Angenommen, eine Modedesignerin mit gehobenem Lebensstil kann wegen der Finanzkrise und der eigenen Fehleinschätzungen die hohe Schuldenlast nicht mehr bewältigen und wird gepfändet. Sie hat nicht einmal mehr Geld für das Nötig-ste, aber als Zuflucht ein altes Haus auf dem Land.

Welchen Einfluss hat der Rückfall in nahezu primitive Lebensumstände auf das soziale Verhalten, auf Wertvorstellungen und Gefühle? Diese Überlegung hat sich Doris Knecht zum Ausgangspunkt ihres neuen Romans gemacht. Ihre Protagonistin versucht nach dem gesellschaftlichen Abstieg bloß eines: zu überleben. Weil das nicht so einfach ist mit nur ein paar Ribiselbüschen im Garten, wird die Situa- tion schnell prekär.

Den ersten schlimmen Winter, der sie fast das Leben gekostet hätte, hat Marian zu Beginn des Romans bereits hinter sich, für den zweiten, der unmittelbar bevorsteht, fühlt sie sich besser gerüstet, denn sie hat inzwischen gelernt - wie einst Marlen Haushofers Heldin hinter der Wand -, Vorräte effizienter zu horten.

Da sie in der Nähe eines Waldes lebt, der u.a. für das Verirren und Abkommen vom rechten Weg steht, geht sie fischen und wildern.
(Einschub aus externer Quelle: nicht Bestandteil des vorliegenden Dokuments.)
Lemma INR_le_Rpower2 (W N E : nat) :
  (0 < N)%N -> (W ^ N <= 2 ^ E)%N -> INR W <= Rpower 2 (INR E / INR N).
Proof.
move=> N_gt0 WN_le; have [-> | W_gt0] := posnP W; first by left; apply: exp_pos.
have N_pos : 0 < INR N by apply: lt_0_INR; apply/ltP.
have W_pos : 0 < INR W by apply: lt_0_INR; apply/ltP.
have root_pow a : 0 < a -> Rpower (a ^ N) (/ INR N) = a.
  by move=> a_pos; rewrite -Rpower_pow // Rpower_mult Rinv_r ?Rpower_1 //; lra.
have -> : Rpower 2 (INR E / INR N) = Rpower (2 ^ E) (/ INR N).
  by rewrite -Rpower_pow ?Rpower_mult //; lra.
rewrite -(root_pow (INR W)) //; apply: Rle_Rpower_l; first by left; apply: Rinv_0_lt_compat.
split; first exact: pow_lt.
by rewrite -[2]/(INR 2) -!INR_expn; apply: le_INR; apply/leP.
Qed.

Lemma INR_add2 n : INR n.+2 = INR n + 2.
Proof. by rewrite !S_INR; ring. Qed.

Lemma Q_succ_Rpower_le m K x :
  INR (Q m K.+2) <= Rpower 2 x ->
  INR (Q m.+1 K.+2) <= Rpower 2 (INR K * x + ((INR K + 2) / 2) ^ m).
Proof.
move=> Q_le; apply: Rle_trans (le_INR _ _ (leP (Q_succ_le m K))) _.
set W := \max_(t : {ffun 'I_K -> {ffun arg m K.+2 -> 'I_K.+2}}) _.
have W_le : (W ^ (2 ^ m) <= 2 ^ (K.+2 ^ m))%N.
  apply: (big_ind (fun w => w ^ (2 ^ m) <= 2 ^ (K.+2 ^ m))%N) => [|w w' w_le w'_le|t _].
  - by rewrite exp0n ?expn_gt0.
  - by rewrite /maxn; case: ltnP.
  - exact: card_low_layer_fiber.
have := INR_le_Rpower2 (expn_gt0 2 m) W_le.
rewrite !INR_expn INR_add2 /Rdiv -pow_inv -Rpow_mult_distr -[INR 2]/2 => W_Rle.
rewrite -multE mult_INR INR_expn Rpower_plus.
have -> : Rpower 2 (INR K * x) = Rpower 2 x ^ K.
  by rewrite -Rpower_pow ?Rpower_mult ?(Rmult_comm x) //; apply: exp_pos.
apply: Rmult_le_compat => //; [exact/pow_le/pos_INR | exact: pos_INR |].
by apply: pow_incr; split=> //; apply: pos_INR.
Qed.

(* Closed form of the recurrence L' = K L + r^(j+1) with r = (K+2)/2: the constant
   c = (K+2)/(K-2) solves c (K - r) = r. *)
Lemma Q_Rpower_le K j : (2 < K)%N ->
  INR (Q j.+1 K.+2) <=
  Rpower 2 (INR K ^ j * (log2 (INR K.+2`!) + (INR K + 2) / (INR K - 2))
            - (INR K + 2) / (INR K - 2) * ((INR K + 2) / 2) ^ j).
Proof.
move=> /ltP/lt_INR K_gt2; rewrite [INR 2]/= in K_gt2.
elim: j => [|j IH].
  rewrite !pow_O Rmult_1_l Rmult_1_r /Rminus Rplus_assoc Rplus_opp_r Rplus_0_r.
  rewrite Rpower2_log2; first exact/le_INR/leP/Q1_le_fact.
  by apply: lt_0_INR; apply/ltP; apply: fact_gt0.
apply: Rle_trans (Q_succ_Rpower_le IH) _; apply: Rle_Rpower; first lra.
by right; rewrite -!tech_pow_Rmult; field; lra.
Qed.
Definition cut F (G : FGraft V P) p : Prop :=
  leaf F (fg0 G) p /\ ~ leaf (fgt G) (fg0 G) p.

Definition consistent_ffam F (I : Type) (phi : I -> FGraft V P) : Prop :=
  (forall i, is_fgraft F (phi i)) /\
  (forall i j, i <> j -> skel (fgt (phi i)) <> skel (fgt (phi j))) /\
  consistent_fam (skel F) (fun i => skel (fgt (phi i))) (fun i => fg0 (phi i)).

Definition loss F (I : Type) (phi : I -> FGraft V P) p : Prop :=
  exists i, cut F (phi i) p.

Definition fsupp F (I : Type) (phi : I -> FGraft V P) x : Prop :=
  supp (skel F) (fun i => skel (fgt (phi i))) (fun i => fg0 (phi i)) x.

Definition fhybr F (I : Type) (phi : I -> FGraft V P) : FTree V P :=
  {| skel := hybr (skel F) (fun i => skel (fgt (phi i))) (fun i => fg0 (phi i));
     leaf := fun x p =>
       ((exists i, impl (skel (fgt (phi i))) (fg0 (phi i)) x /\ leaf (fgt (phi i)) x p)
        \/ (fsupp F phi x /\ leaf F x p))
       /\ ~ loss F phi p |}.

Definition preserves_shoots F (G : FGraft V P) : Prop :=
  forall p, flesh (fgt G) p ->
  forall y, scope F p y -> (y = fg0 G \/ expl (skel F) (skel (fgt G)) (fg0 G) y) ->
    exists x, scope (fgt G) p x /\
              (x = fg0 G \/ impl (skel (fgt G)) (fg0 G) x) /\
              gg (shoot (fgt G) x) (shoot F y).

Definition shoots_into H F : Prop :=
  forall p, flesh H p -> forall y, scope F p y ->
    exists x, scope H p x /\ gg (shoot H x) (shoot F y).

End Foliage.

(* Let p be a point of the hybrid and y a node of F whose leaf contains p.
   If y is the root of a graft G or explanted by it, then p lies below the root
   of G in F and survives the cut there, so p is in the flesh of G and shoot
   preservation yields a node x of G (its root or an implant) whose shoot refines
   that of y.  Otherwise y stays in the support and we take x = y.  In both cases
   the sons of x in the hybrid are exactly its sons in G (resp. in F) and the
   hybrid leaves are contained in the corresponding leaves; since hybrid leaves are
   nonempty, every shoot of x in G (resp. F) is refined by a shoot in the hybrid. *)

From Stdlib Require Import Classical.

Section TreeOrder.
Context {V : Type} {t : Tree V} (Ht : is_tree t).

Lemma tlt_nodes {x y} : tlt t x y -> nodes t x /\ nodes t y.
Proof. destruct Ht as [Hn _]; apply Hn. Qed.

Lemma tlt_irrefl {x} : ~ tlt t x x.
Proof. destruct Ht as [_ [Hn _]]; apply Hn. Qed.

Lemma tlt_trans {x y z} : tlt t x y -> tlt t y z -> tlt t x z.
Proof. destruct Ht as [_ [_ [Hn _]]]; apply Hn. Qed.

Lemma tle_tlt_trans {x y z} : tle t x y -> tlt t y z -> tlt t x z.
Proof. intros [<-|Hxy] Hyz; [exact Hyz | exact (tlt_trans Hxy Hyz)]. Qed.

Lemma tlt_tle_trans {x y z} : tlt t x y -> tle t y z -> tlt t x z.
Proof. intros Hxy [<-|Hyz]; [exact Hxy | exact (tlt_trans Hxy Hyz)]. Qed.

Lemma tle_trans {x y z} : tle t x y -> tle t y z -> tle t x z.
Proof. intros [<-|Hxy] Hyz; [exact Hyz | right; exact (tlt_tle_trans Hxy Hyz)]. Qed.

Lemma tlt_tle_asym {x y} : tlt t x y -> ~ tle t y x.
Proof. intros Hxy Hyx. exact (tlt_irrefl (tlt_tle_trans Hxy Hyx)). Qed.

Lemma tlt_below_total {a b x} : tlt t a x -> tlt t b x -> a = b \/ tlt t a b \/ tlt t b a.
Proof.
  intros Ha Hb. destruct Ht as [_ [_ [_ Hw]]].
  apply (Hw x (proj2 (tlt_nodes Ha))); assumption.
Qed.

End TreeOrder.

Section Shoots.
Context {V P : Type}.

Lemma gg_trans (A B C : (P -> Prop) -> Prop) : gg A B -> gg B C -> gg A C.
Proof.
  intros HAB HBC D HD [p Dp].
  destruct (HBC D HD (ex_intro _ p Dp)) as [E [HE [En ED]]].
  destruct (HAB E HE En) as [E' [HE' [En' EE']]].
  exists E'. repeat split; auto.
Qed.

(* The refining shoot of [Hf] is taken over the same cofinite set of sons. *)
Lemma shoot_gg_of_sons (Hf Kf : FTree V P) z :
  (forall s, sons (skel Hf) z s <-> sons (skel Kf) z s) ->
  (forall s p, sons (skel Kf) z s -> leaf Hf s p -> leaf Kf s p) ->
  (forall s, sons (skel Hf) z s -> exists p, leaf Hf s p) ->
  gg (shoot Hf z) (shoot Kf z).
Proof.
  intros Hsons Hleaf Hne D [C [HC [[l Hfin] HD]]] [p Dp].
  apply HD in Dp. destruct Dp as [s0 [Cs0 _]].
  exists (fun q => exists s, C s /\ leaf Hf s q). split; [|split].
  - exists C. split; [|split].
    + intros s Cs. apply Hsons, HC, Cs.
    + exists l. intros s [Hs HnC]. apply Hfin. split; [apply Hsons, Hs | exact HnC].
    + tauto.
  - destruct (Hne s0 (proj2 (Hsons s0) (HC s0 Cs0))) as [q Hq]. exists q, s0. auto.
  - intros q [s [Cs Hq]]. apply HD. exists s. split; [exact Cs|].
    exact (Hleaf s q (HC s Cs) Hq).
Qed.

End Shoots.

Section Hybrid.
Context {V P : Type} {F : FTree V P} {I : Type} {phi : I -> FGraft V P}.
Hypothesis HT : is_tree (skel F).
Hypothesis Hc : consistent_ffam F phi.

Local Notation T := (skel F).
Local Notation G i := (skel (fgt (phi i))).
Local Notation r i := (fg0 (phi i)).
Local Notation S := (supp (skel F) (fun i => skel (fgt (phi i))) (fun i => fg0 (phi i))).
Local Notation Imp i := (impl (skel (fgt (phi i))) (fg0 (phi i))).
Local Notation H := (hybr (skel F) (fun i => skel (fgt (phi i))) (fun i => fg0 (phi i))).

Lemma graft_of i : is_graft T (G i) (r i).
Proof. destruct Hc as [_ [_ [Hg _]]]. exact (Hg i). Qed.

Lemma graft_tree i : is_tree (G i).
Proof. apply (graft_of i). Qed.

Lemma graft_root_le i x : nodes (G i) x -> tle (G i) (r i) x.
Proof. destruct (graft_of i) as [_ [_ [[_ Hl] _]]]. apply Hl. Qed.

Lemma graft_root_node i : nodes (G i) (r i).
Proof. destruct (graft_of i) as [_ [_ [[Hr _] _]]]. exact Hr. Qed.

Lemma root_node i : nodes T (r i).
Proof. destruct (graft_of i) as [_ [_ [_ [Hr _]]]]. exact Hr. Qed.

Lemma root_lt_max i m : maxn (G i) m -> tlt T (r i) m.
Proof. destruct (graft_of i) as [_ [_ [_ [_ [Hm _]]]]]. intro Mm. apply (Hm m Mm). Qed.

Lemma max_le_max i a b : maxn (G i) a -> maxn (G i) b -> tle T a b -> a = b.
Proof.
  intros Ma Mb Hab. apply NNPP. intro Hne.
  destruct (graft_of i) as [_ [_ [_ [_ [_ [Hanti _]]]]]].
  destruct (Hanti a b Ma Mb Hne) as [_ [_ [Hn _]]]. exact (Hn Hab).
Qed.

Lemma max_le_lt_max i m s z : maxn (G i) m -> maxn (G i) s -> tle T m z -> tlt T z s -> False.
Proof.
  intros Mm Ms Hmz Hzs.
  assert (E : m = s) by (apply (max_le_max i); [exact Mm | exact Ms | right; exact (tle_tlt_trans HT Hmz Hzs)]).
  subst m. exact (tlt_tle_asym HT Hzs Hmz).
Qed.

Lemma implant_not_node i x : Imp i x -> ~ nodes T x.
Proof. destruct (graft_of i) as [_ [_ [_ [_ [_ [_ Hi]]]]]]. apply Hi. Qed.

Lemma implant_not_supp i x : Imp i x -> ~ S x.
Proof. intros Ix [Tx _]. exact (implant_not_node i x Ix Tx). Qed.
Und sie hat - was Haushofers Heldin nicht konnte - hilfreiche Kontakte geknüpft. Zum Beispiel mit Franz, einem schweigsamen, verheirateten "Landmann", mit dem sie eine Affäre unterhält, eine Unterhalts-Affäre sozusagen, denn Marian ist auf seine Holz- und Lebensmittellieferungen angewiesen. Ein Arrangement, das keinen romantischen Vorstellungen, sondern Pragmatismus entspringt.

Das haben uns ja schon die Großmütter gesagt: Wenn es einem schlecht geht, kriecht man zum Kreuz und in der Not isst man das Brot auch ohne Wurst.

Zum Glück ist Doris Knechts Analyse vielschichtiger, es geht hier nicht um naive Läuterung. Ihre Protagonistin, auf deren Haustür jemand das Wort "Hur" gesprüht hat, denkt intensiv darüber nach, warum es so weit gekommen ist, und reflektiert auch die Beziehung zu Franz unsentimental, wobei sich interessante Fragen ergeben: Ist nicht das ganze Leben von zum Teil fragwürdigen Übereinkünften des Gebens und Nehmens geprägt? Verkaufte sie sich früher als Modedesignerin nicht ebenso, als sie ihr Talent für einen schnellen Erfolg verriet?

Wenn sich die bisher emanzipierte Marian unter den Schutz eines Patriarchen stellt, den sie mit der Zeit auch lieb gewinnt, zeigt das nichts anderes, als dass Gefühle auch heute noch maßgeblich von der Ökonomie geprägt sind - was auch in Marians früheren Beziehungen unter emanzipatorisch-zeitgeistigen Voraussetzungen zum Ausdruck kam.

Auch wenn Knechts Roman manche Stadt-Land-Klischees bedient und mitunter ein wenig vorschnell ins Versöhnliche driftet, ist vielleicht gerade das Versöhnliche der radikale Ansatz bei diesem Buch.

In diesem Sinn war es durchaus eine gute Entscheidung, Ma-rian nicht in der existenziellen Not des ersten Winters zu beschreiben, sondern vielmehr in ihrer Phase der Anpassung und Wiedereingliederung in das soziale Leben.

Doris Knecht: Wald. Roman, Verlag Rowohlt Berlin, 2015, 270 Seiten, 20,60 Euro.